* **Problem statement**:
Copy all lines below that use the word "coordE".

(Items from a dataset)
(* As $n\to\infty$, $B_2(n,2,3;3)=\Theta(2^n)$.
   Context: For a prime power $q$, $\mathcal{G}_q(n,k)$ denotes the set of all $k$-dimensional subspaces of $\mathbb{F}_q^n$. An $\alpha$-$(n,k,\delta)_q^c$ covering Grassmannian code is a subset $\mathcal{C}\subseteq\mathcal{G}_q(n,k)$ (no repeated codewords) such that every set of $\alpha$ distinct codewords of $\mathcal{C}$ spans a subspace of $\mathbb{F}_q^n$ of dimension at least $k+\delta$. $B_q(n,k,\delta;\alpha)$ denotes the maximum size of an $\alpha$-$(n,k,\delta)_q^c$ code. *)

From HB Require Import structures.
From mathcomp Require Import all_boot all_order all_algebra.
Set Implicit Arguments. Unset Strict Implicit. Unset Printing Implicit Defensive.
Import GRing.Theory.
Import VectorInternalTheory.

(* Over a finite field, the type of
   subspaces is finite; we equip it with the (sub)finType structure inherited
   from its matrix representation, so that codes can be finite sets of
   subspaces. *)
Section FinVspace.
Variable F : finFieldType.
Variable n : nat.
Notation subsp := {vspace 'rV[F]_n}.
HB.instance Definition _ := [Countable of subsp by <:].
HB.instance Definition _ := [Finite of subsp by <:].
End FinVspace.
Notation subsp F n := {vspace 'rV[F]_n}.

Local Open Scope ring_scope.

Definition covering_code (F : finFieldType) (n k delta alpha : nat)
    (C : {set subsp F n}) : bool :=
  [forall U in C, \dim U == k] &&
  [forall S : {set subsp F n}, ((S \subset C) && (#|S| == alpha)%N) ==>
     (k + delta <= \dim (\sum_(U in S) U)%VS)%N].

(* B_q(n,k,delta;alpha): the maximum size of such a code
   (the empty code is always a code, so the max is attained). *)
Definition B_cov (F : finFieldType) (n k delta alpha : nat) : nat :=
  \max_(C : {set subsp F n} | @covering_code F n k delta alpha C) #|C|.

From mathcomp Require Import all_boot all_order all_algebra zify.
Set Implicit Arguments. Unset Strict Implicit. Unset Printing Implicit Defensive.
Import GRing.Theory.
Local Open Scope ring_scope.

(* Upper bound: two 2-dimensional codewords sharing a nonzero vector meet
   nontrivially, so three of them span at most 4 < 5 dimensions.  Hence a
   nonzero vector is [vpick U] for at most two codewords U, and |C| <= 2 * 2^n.
   Lower bound: the 2^(n-3) planes <(1,0,a,0), (0,1,0,a)> of F_2^n, for
   a in F_2^(n-3), form a code: for distinct a, b, c the span of three of them
   contains (1,0,a,0), (0,1,0,a), the differences (0,0,a-b,0), (0,0,a-c,0),
   which are independent over F_2, and one shifted difference (0,0,0,a-x) that
   sticks out beyond the last position where a-b or a-c is nonzero. *)

Section SumOfThree.
Variables (F : fieldType) (vT : vectType F).
Implicit Types (U V W : {vspace vT}) (x : vT).

Lemma dimv_gt0 U x : x != 0 -> x \in U -> (0 < \dim U)%N.
Proof.
move=> nz_x xU; rewrite lt0n dimv_eq0; apply: contraNneq nz_x => U0.
by move: xU; rewrite U0 memv0.
Qed.

(* Each of the two intersections in the modular law contains x. *)
Lemma dimv_sum3_common U V W x : x != 0 -> x \in U -> x \in V -> x \in W ->
  (\dim (U + V + W) + 2 <= \dim U + \dim V + \dim W)%N.
Proof.
move=> nz_x xU xV xW.
have dUV := dimv_sum_cap U V; have dUVW := dimv_sum_cap (U + V)%VS W.
have capUV : (0 < \dim (U :&: V))%N by apply: (dimv_gt0 nz_x); rewrite memv_cap xU.
have capUVW : (0 < \dim ((U + V) :&: W))%N.
  by apply: (dimv_gt0 nz_x); rewrite memv_cap xW andbT (subvP (addvSl U V)).
lia.
Qed.

End SumOfThree.

Section CoveringCodes.
Variables (F : finFieldType) (n : nat).
Implicit Types (U V W : subsp F n) (C : {set subsp F n}).

Lemma sumv_set3 U V W : (\sum_(Y in [set U; V; W]) Y)%VS = (U + V + W)%VS.
Proof.
apply/eqP; rewrite eqEsubv; apply/andP; split.
  apply/subv_sumP => Y; rewrite !inE => /orP[/orP[]|] /eqP->.
  - exact: subv_trans (addvSl U V) (addvSl _ W).
  - exact: subv_trans (addvSr U V) (addvSl _ W).
  - exact: addvSr.
by rewrite !subv_add !(sumv_sup _ _ (subvv _)) // !inE eqxx ?orbT.
Qed.

Lemma covering_code3P k delta C :
  covering_code k delta 3 C <->
  {in C, forall U, \dim U = k} /\
  (forall U V W, U \in C -> V \in C -> W \in C -> U != V -> V != W -> W != U ->
     (k + delta <= \dim (U + V + W))%N).
Proof.
split.
  case/andP=> /forall_inP dimC /forallP cov.
  split=> [U /dimC/eqP // | U V W UC VC WC nUV nVW nWU].
  rewrite -sumv_set3; apply: (implyP (cov _)); apply/andP; split.
    by apply/subsetP => Y; rewrite !inE => /orP[/orP[]|] /eqP->.
  by rewrite -setUA cardsU1 cards2 !inE negb_or nUV nVW (eq_sym U W) nWU.
case=> dimC cov; apply/andP; split; first by apply/forall_inP => U /dimC->.
apply/forallP => S; apply/implyP => /andP[/subsetP SC /eqP S3].
have /card_gt2P[U [V [W [[US VS WS] [nUV nVW nWU]]]]] : (2 < #|S|)%N by rewrite S3.
apply: leq_trans (cov U V W (SC _ US) (SC _ VS) (SC _ WS) nUV nVW nWU) _.
rewrite -sumv_set3; apply/dimvS/subv_sumP => Y UVW_Y; apply: sumv_sup (subvv Y).
by move: UVW_Y; rewrite !inE => /orP[/orP[]|] /eqP->.
Qed.

Lemma card_covering_code3_le k delta C : (0 < k)%N -> (2 * k <= delta.+1)%N ->
  covering_code k delta 3 C -> (#|C| <= 2 * #|{: 'rV[F]_n}|)%N.
Proof.
move=> k_gt0 k_le /covering_code3P[dimC cov].
rewrite mulnC -sum1_card (partition_big (fun U : subsp F n => vpick U) predT) //=.
rewrite -sum_nat_const.
apply: leq_sum => x _; rewrite sum1dep_card leqNgt; apply/negP.
case/card_gt2P => [U [V [W [[]]]]].
rewrite !inE => /andP[UC /eqP xU] /andP[VC /eqP xV] /andP[WC /eqP xW] [nUV nVW nWU].
have nz_x : x != 0 by rewrite -xU vpick0 -dimv_eq0 dimC // -lt0n.
have picked Y : vpick Y = x -> x \in (Y : {vspace 'rV[F]_n}).
  by move=> <-; apply: memv_pick.
have := dimv_sum3_common nz_x (picked U xU) (picked V xV) (picked W xW).
have := cov U V W UC VC WC nUV nVW nWU.
(* [set] identifies the two copies of [\dim (U + V + W)], whose implicit
   structure instances differ. *)
rewrite (dimC U) ?(dimC V) ?(dimC W) //; set D := \dim _; lia.
Qed.

End CoveringCodes.

Lemma free_cons_coord (F : fieldType) m (x : 'rV[F]_m) (X : seq 'rV[F]_m) j :
  x 0 j != 0 -> all (fun y : 'rV[F]_m => y 0 j == 0) X -> free X -> free (x :: X).
Proof.
move=> nz_xj Xj0 freeX; rewrite free_cons freeX andbT.
apply: contra nz_xj => /(@coord_span _ _ _ (in_tuple X)) ->.
rewrite summxE big1 // => i _; rewrite !mxE.
by rewrite (eqP (allP Xj0 _ (mem_nth 0 (ltn_ord i)))) mulr0.
Qed.

Section Construction.
Variables (F : fieldType) (k : nat).
Implicit Types a b : 'rV[F]_k.

Definition rv_nth a (i : nat) : F := oapp (fun j : 'I_k => a 0 j) 0 (insub i).

Lemma rv_nth_ord a (j : 'I_k) : rv_nth a j = a 0 j.
Proof. by rewrite /rv_nth valK. Qed.

Lemma rv_nth_out a i : (k <= i)%N -> rv_nth a i = 0.
Proof. by move=> k_le_i; rewrite /rv_nth insubF // ltnNge k_le_i. Qed.

Lemma rv_nthB a b i : rv_nth (a - b) i = rv_nth a i - rv_nth b i.
Proof. by rewrite /rv_nth; case: insubP => [j _ _|_] /=; rewrite ?mxE ?subr0. Qed.

Definition padv (s : nat) a : 'rV[F]_k.+3 :=
  \row_(i < k.+3) if (s <= i)%N then rv_nth a (i - s) else 0.

Lemma padvB s a b : padv s (a - b) = padv s a - padv s b.
Proof. by apply/rowP => i; rewrite !mxE; case: ifP; rewrite ?rv_nthB ?subr0. Qed.

Lemma padv0 s : padv s 0 = 0.
Proof. by rewrite -(subrr (0 : 'rV[F]_k)) padvB subrr. Qed.

Lemma padv_lt s a (i : 'I_k.+3) : (i < s)%N -> padv s a 0 i = 0.
Proof. by rewrite mxE ltnNge => /negbTE->. Qed.

Lemma padvE s a (i : 'I_k.+3) j : i = s + j :> nat -> padv s a 0 i = rv_nth a j.
Proof. by rewrite mxE => ->; rewrite leq_addr addKn. Qed.

Lemma padv_inj s : (s <= 3)%N -> injective (padv s).
Proof.
move=> s_le3 a b /rowP ab; apply/rowP => j.
have sj_lt : (s + j < k.+3)%N by have := ltn_ord j; lia.
by have := ab (Ordinal sj_lt); rewrite !(@padvE s _ (Ordinal sj_lt) j) // !rv_nth_ord.
Qed.

Definition idx0 : 'I_k.+3 := Ordinal (isT : 0 < k.+3)%N.
Definition idx1 : 'I_k.+3 := Ordinal (isT : 1 < k.+3)%N.

Definition cw_fst a : 'rV[F]_k.+3 := delta_mx 0 idx0 + padv 2 a.
Definition cw_snd a : 'rV[F]_k.+3 := delta_mx 0 idx1 + padv 3 a.
(* The plane <(1,0,a,0), (0,1,0,a)> of F^(k+3). *)
Definition codeword a : {vspace 'rV[F]_k.+3} := <<[:: cw_fst a; cw_snd a]>>%VS.

Lemma cw_coords a :
  [/\ cw_fst a 0 idx0 = 1, cw_fst a 0 idx1 = 0,
      cw_snd a 0 idx0 = 0 & cw_snd a 0 idx1 = 1].
Proof. by rewrite /cw_fst /cw_snd !(padv_lt, mxE) //= ?addr0. Qed.

Lemma cw_fstB a b : cw_fst a - cw_fst b = padv 2 (a - b).
Proof. by rewrite padvB opprD addrACA subrr add0r. Qed.

Lemma cw_sndB a b : cw_snd a - cw_snd b = padv 3 (a - b).
Proof. by rewrite padvB opprD addrACA subrr add0r. Qed.

Lemma free_codeword a : free [:: cw_fst a; cw_snd a].
Proof.
have [f0 f1 s0 s1] := cw_coords a.
apply: (free_cons_coord (j := idx0)); first by rewrite f0 oner_eq0.
  by rewrite /= s0 eqxx.
by rewrite seq1_free; apply: contra_neq (oner_neq0 F) => s_eq0; rewrite -s1 s_eq0 mxE.
Qed.

Lemma dim_codeword a : \dim (codeword a) = 2%N.
Proof. exact/eqP/free_codeword. Qed.

Lemma codeword_inj : injective codeword.
Proof.
move=> a b ab.
have : cw_fst b \in codeword a by rewrite ab memv_span ?mem_head.
rewrite /codeword span_cons span_seq1.
case/memv_addP=> _ /vlineP[c0 ->] [_ /vlineP[c1 ->] def_b].
have [f0 f1 s0 s1] := cw_coords a; have [g0 g1 _ _] := cw_coords b.
have coordE (x y : 'rV[F]_k.+3) j : (c0 *: x + c1 *: y) 0 j = c0 * x 0 j + c1 * y 0 j.
  by rewrite !mxE.
have /rowP/(_ idx0) := def_b; have /rowP/(_ idx1) := def_b.
rewrite !coordE f0 f1 s0 s1 g0 g1 !mulr0 !mulr1 addr0 add0r => c1_0 c0_1.
rewrite -c0_1 -c1_0 scale1r scale0r addr0 /cw_fst in def_b.
by apply/esym/(padv_inj (s := 2)) => //; apply: addrI def_b.
Qed.

End Construction.

Lemma exists_top_support (F : fieldType) k (a b : 'rV[F]_k) : a != 0 ->
  exists H : 'I_k, [/\ (a 0 H != 0) || (b 0 H != 0),
                      rv_nth a H.+1 = 0 & rv_nth b H.+1 = 0].
Proof.
move=> nz_a; pose P (j : 'I_k) := (a 0 j != 0) || (b 0 j != 0).
have [j0 Pj0] : exists j, P j.
  apply/existsP; apply: contraNT nz_a => /existsPn noP; apply/eqP/rowP => j.
  by move: (noP j); rewrite /P /= negb_or !negbK mxE => /andP[/eqP-> _].
case: (@arg_maxnP _ j0 P val Pj0) => H PH H_max; exists H; split => //.
  all: case: (ltnP H.+1 k) => [lt_Hk | ?]; last by rewrite rv_nth_out.
  all: have : ~~ P (Ordinal lt_Hk) by apply/negP => /H_max; rewrite /= ltnn.
  all: rewrite /P /= negb_or !negbK !(rv_nth_ord _ (Ordinal lt_Hk)).
  all: by case/andP => /eqP a0 /eqP b0; rewrite ?a0 ?b0.
Qed.

Lemma F2_cases (c : 'F_2) : c = 0 \/ c = 1.
Proof. by case: c => [[|[|]]] //= ?; [left | right]; apply: val_inj. Qed.

Lemma free2_F2 (vT : vectType 'F_2) (u v : vT) :
  u != 0 -> v != 0 -> u != v -> free [:: u; v].
Proof.
move=> nz_u nz_v neq_uv; rewrite free_cons seq1_free nz_v andbT span_seq1.
by apply/vlineP => -[c def_u]; case: (F2_cases c) => c_eq; move: def_u;
  rewrite c_eq ?scale0r ?scale1r => def_u; [move: nz_u | move: neq_uv];
  rewrite def_u eqxx.
Qed.

Lemma card_rV_F2 m : #|{: 'rV['F_2]_m}| = (2 ^ m)%N.
Proof. by rewrite card_mx card_Fp // mul1n. Qed.

Section BinaryCode.
Variable k : nat.
Implicit Types a b c : 'rV['F_2]_k.

Lemma dim_codeword3 a b c : a != b -> b != c -> c != a ->
  (5 <= \dim (codeword a + codeword b + codeword c))%N.
Proof.
move=> neq_ab neq_bc neq_ca.
set Sum := (codeword a + codeword b + codeword c)%VS.
have sub_Sum x : x \in [:: a; b; c] -> (codeword x <= Sum)%VS.
  rewrite !inE => /or3P[] /eqP->; rewrite /Sum.
  - exact: subv_trans (addvSl _ _) (addvSl _ _).
  - exact: subv_trans (addvSr _ _) (addvSl _ _).
  - exact: addvSr.
have fst_in x : x \in [:: a; b; c] -> cw_fst x \in Sum.
  by move/sub_Sum/subvP; apply; rewrite memv_span ?mem_head.
have snd_in x : x \in [:: a; b; c] -> cw_snd x \in Sum.
  by move/sub_Sum/subvP; apply; rewrite memv_span // !inE eqxx orbT.
have diff_in x : x \in [:: b; c] ->
    padv 2 (a - x) \in Sum /\ padv 3 (a - x) \in Sum.
  move=> x_in; rewrite -cw_fstB -cw_sndB.
  have xabc : x \in [:: a; b; c] by rewrite inE x_in orbT.
  by split; apply: rpredB; rewrite ?fst_in ?snd_in ?mem_head.
have [H [top_H d_H e_H]] : exists H : 'I_k,
    [/\ ((a - b) 0 H != 0) || ((a - c) 0 H != 0),
        rv_nth (a - b) H.+1 = 0 & rv_nth (a - c) H.+1 = 0].
  by apply: exists_top_support; rewrite subr_eq0.
have [w [w_in w_H]] : exists w, w \in [:: b; c] /\ (a - w) 0 H != 0.
  by case/orP: top_H => ?; [exists b | exists c]; rewrite !inE eqxx ?orbT.
have H3_lt : (3 + H < k.+3)%N := ltn_ord H.
pose iH : 'I_k.+3 := Ordinal H3_lt.
have padv2_neq x y : x != y -> padv 2 x != padv 2 y by apply/contra_neq/padv_inj.
have [fa0 _ sa0 sa1] := cw_coords a.
have free5 : free [:: cw_fst a; cw_snd a; padv 3 (a - w); padv 2 (a - b); padv 2 (a - c)].
  apply: (free_cons_coord (j := idx0 k)); first by rewrite fa0 oner_eq0.
    by rewrite /= sa0 !padv_lt ?eqxx.
  apply: (free_cons_coord (j := idx1 k)); first by rewrite sa1 oner_eq0.
    by rewrite /= !padv_lt ?eqxx.
  apply: (free_cons_coord (j := iH)).
  - by rewrite (padvE _ (j := H)) // rv_nth_ord.
  - by rewrite /= !(padvE _ (j := H.+1)) // d_H e_H eqxx.
  apply: free2_F2.
  - by rewrite -(padv0 _ _ 2) padv2_neq // subr_eq0.
  - by rewrite -(padv0 _ _ 2) padv2_neq // subr_eq0 eq_sym.
  - by apply/padv2_neq; apply: contra_neq neq_bc => /addrI/oppr_inj.
apply: leq_trans (eq_leq (esym (eqP free5))) _; apply/dimvS/span_subvP => x.
rewrite !inE => /orP[|/orP[|/orP[|/orP[]]]] /eqP->; rewrite ?fst_in ?snd_in ?mem_head //.
- by case: (diff_in w w_in).
- by case: (diff_in b (mem_head _ _)).
- by case: (diff_in c); rewrite // !inE eqxx orbT.
Qed.

Lemma covering_code_codewords :
  covering_code 2 3 3 [set codeword a | a : 'rV['F_2]_k].
Proof.
apply/covering_code3P; split=> [_ /imsetP[a _ ->] | ]; first exact: dim_codeword.
move=> _ _ _ /imsetP[a _ ->] /imsetP[b _ ->] /imsetP[c _ ->] neq_ab neq_bc neq_ca.
by apply: dim_codeword3; [move: neq_ab | move: neq_bc | move: neq_ca];
  apply: contra_neq => ->.
Qed.

Lemma card_codewords : #|[set codeword a | a : 'rV['F_2]_k]| = (2 ^ k)%N.
Proof. by rewrite card_imset ?cardsT ?card_rV_F2 //; apply: codeword_inj. Qed.

End BinaryCode.

Theorem mainTheorem9 :
  exists (c1 c2 N : nat), (0 < c1)%N /\ (0 < c2)%N /\
    forall n : nat, (N <= n)%N ->
      (2 ^ n <= c1 * B_cov 'F_2 n 2 3 3)%N /\
      (B_cov 'F_2 n 2 3 3 <= c2 * 2 ^ n)%N.
Proof.
exists 8%N, 2%N, 3%N; split=> //; split=> // -[|[|[|k]]] // _; split.
  have -> : (2 ^ k.+3 = 8 * 2 ^ k)%N by rewrite !expnS !mulnA.
  rewrite leq_mul2l -(card_codewords k) /=.
  exact: leq_bigmax_cond (covering_code_codewords _).
apply/bigmax_leqP => C /card_covering_code3_le; rewrite card_rV_F2; exact.
Qed.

* **Output for this exercise**:
have coordE (x y : 'rV[F]_k.+3) j : (c0 *: x + c1 *: y) 0 j = c0 * x 0 j + c1 * y 0 j.
rewrite !coordE f0 f1 s0 s1 g0 g1 !mulr0 !mulr1 addr0 add0r => c1_0 c0_1.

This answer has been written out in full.